Stairway to Heaven n’est pas un plagiat (et ça change tout)






11 Mars 2020

L’affaire opposait le groupe Spirit, auteur du morceau Taurus peu connu jusque-là, au géant du rock Led Zeppelin. Le premier accusait le deuxième d’avoir plagié son morceau Taurus pour écrire les premières notes d’une des chansons les plus connues de l’histoire du rock : Stairway to Heaven. Et Spirit demandait plusieurs millions de dollars de dommages et intérêts à Robert Plant et Jimmy Page. La décision, historique, est tombée le lundi 9 mars 2020.


Pas de plagiat pour Stairway to Heaven

Pixabay/FirmBee
La cour d’appel de San Francisco a rendu son verdict lundi 9 mars 2020 et confirmé le verdict de première instance de Los Angeles : Stairway to Heaven, écrite en 1971, n’est pas un plagiat de Taurus, sortie en 1968. Finalement, le groupe Led Zeppelin sort donc blanchi de cette histoire.

Si le talent de Led Zeppelin est ici confirmé, c’est surtout une victoire pour les musiciens qui risque de créer un précédent important dans le droit américain. Les procès pour plagiat, qui se multiplient depuis des années, deviendront plus compliqués car les juges de San Francisco ont tout simplement annulé celle qu’on appelle la règle du « ratio inverse ».

La fin de la règle d’or à l’heure du numérique

La cour de San Francisco a changé la donne : depuis 43 ans, c’est la règle du ratio inverse qui était en vigueur pour définir si une œuvre est plagiée. Cette règle stipule qu’il faut prouver que l’accusé a eu accès au travail du plaignant mais, surtout, que plus l’accès à l’œuvre était important, moins la similarité devait être importante pour que le plagiat soit confirmé. Or, à l’heure de Youtube et des plateformes de streaming musical, c’est une règle désuète : toute personne a accès à tout, et il n’est pas rare d’écouter des morceaux au hasard.

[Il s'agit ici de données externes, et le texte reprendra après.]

(* Let $f,g\in\mathcal{S}(\Omega)$. If $x\in\Omega$ is real and $x\in V(f)\cup V(g)$, then $x\in V(f\cdot g)$. Now let $x\in\Omega\setminus\mathbb{R}$. (1) If $\mathbb{S}_x\subseteq V(f)$ or $\mathbb{S}_x\subseteq V(g)$, then $\mathbb{S}_x\subseteq V(f\cdot g)$. (2) If $\mathbb{S}_x\cap V(f)$ contains a point $y$, then $(f\cdot g)'_s(x)=f'_s(x)g^\circ_s(x)-(\mathrm{im}(y)f'_s(x))g'_s(x)$, and: (a) if $f'_s(x)$ is invertible and $(f\cdot g)'_s(x)=0$, then $\mathbb{S}_x\subseteq V(f\cdot g)$; (b) if $(f\cdot g)'_s(x)$ is invertible, then $\mathbb{S}_x\cap V(f\cdot g)\subseteq\{w\}$ with \[w=\big((yf'_s(x))g^\circ_s(x)-(y\,\mathrm{im}(y)f'_s(x))g'_s(x)\big)\big((f\cdot g)'_s(x)\big)^{-1}.\] (3) If $\mathbb{S}_x\cap V(g)$ contains a point $z$, then $(f\cdot g)'_s(x)=f^\circ_s(x)g'_s(x)-f'_s(x)(\mathrm{im}(z)g'_s(x))$, and: (a) if $g'_s(x)$ is invertible and $(f\cdot g)'_s(x)=0$, then $\mathbb{S}_x\subseteq V(f\cdot g)$; (b) if $(f\cdot g)'_s(x)$ is invertible, then $\mathbb{S}_x\cap V(f\cdot g)\subseteq\{w\}$ with \[w=\big(f^\circ_s(x)(zg'_s(x))-f'_s(x)(z\,\mathrm{im}(z)g'_s(x))\big)\big((f\cdot g)'_s(x)\big)^{-1}.\] (4) If, for some $y,z\in\mathbb{S}_x$, $y\in V(f)$ and $z\in V(g)$, then $(f\cdot g)'_s(x)=(y^cf'_s(x))g'_s(x)-f'_s(x)(zg'_s(x))$, and: (a) if $f'_s(x)$ or $g'_s(x)$ is invertible and $(f\cdot g)'_s(x)=0$, then $\mathbb{S}_x\subseteq V(f\cdot g)$; (b) if $(f\cdot g)'_s(x)$ is invertible, then $\mathbb{S}_x\cap V(f\cdot g)\subseteq\{w\}$ with \[w=\big(n(x)f'_s(x)g'_s(x)-(yf'_s(x))(zg'_s(x))\big)\big((f\cdot g)'_s(x)\big)^{-1}.\]
   Context: Let $A$ be a finite-dimensional real algebra with unit $1$ ($\mathbb{R}$ identified with $\mathbb{R}1$) which is alternative (the associator $(x,y,z)=(xy)z-x(yz)$ is alternating), with a $^*$-involution $x\mapsto x^c$ (real linear, $(x^c)^c=x$, $(xy)^c=y^cx^c$, $r^c=r$ for $r\in\mathbb{R}$). Let $t(x)=x+x^c$, $n(x)=xx^c$, $\mathbb{S}_A=\{J\in A:t(J)=0,n(J)=1\}$ (assumed non-empty), $Q_A=\mathbb{R}\cup\{x:t(x),n(x)\in\mathbb{R},4n(x)>t(x)^2\}$; every $x\in Q_A$ is $\alpha+\beta J$ with $\alpha,\beta\in\mathbb{R}$, $J\in\mathbb{S}_A$; $x^c=\alpha-\beta J$, $\mathrm{re}(x)=t(x)/2$, $\mathrm{im}(x)=x-\mathrm{re}(x)$, $\mathbb{S}_x=\{\alpha+\beta I:I\in\mathbb{S}_A\}$. Let $D\subseteq\mathbb{C}$ be non-empty, invariant under conjugation, $\Omega=\{\alpha+\beta J:\alpha+i\beta\in D,J\in\mathbb{S}_A\}$. $A_{\mathbb{C}}=\{a+\imath b\}$ with $(a+\imath b)(a'+\imath b')=aa'-bb'+\imath(ab'+ba')$, $\overline{a+\imath b}=a-\imath b$. A stem function $F=F_1+\imath F_2:D\to A_{\mathbb{C}}$ satisfies $F(\bar z)=\overline{F(z)}$ and induces the slice function $f=\mathcal{I}(F)$, $f(\alpha+\beta J)=F_1(\alpha+i\beta)+JF_2(\alpha+i\beta)$; $\mathcal{S}(\Omega)$ is the set of slice functions; slice product $f\cdot g=\mathcal{I}(FG)$. $V(h)=\{x:h(x)=0\}$. $f^\circ_s(x)=\frac12(f(x)+f(x^c))$ and $f'_s(x)=\frac12\mathrm{im}(x)^{-1}(f(x)-f(x^c))$ for $x\in\Omega\setminus\mathbb{R}$. *)

From HB Require Import structures.
From mathcomp Require Import all_boot all_order all_algebra.
From mathcomp Require Import boolp classical_sets reals.
Set Implicit Arguments. Unset Strict Implicit. Unset Printing Implicit Defensive.
Import Order.TTheory GRing.Theory Num.Theory.
Local Open Scope ring_scope.
Local Open Scope classical_set_scope.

Selon les juges, cette règle était inégalitaire car elle avantageait les auteurs les plus connus qui passent, par exemple, en boucle à la radio : il aurait été trop facile pour eux de prouver l’accès à leur œuvre. Finalement, « nous avons plutôt conclu qu'une séquence de quatre notes commune dans le domaine de la musique ne constituait pas l'expression copyrightable d'une chanson », explique la cour, comme le rapporte Variety.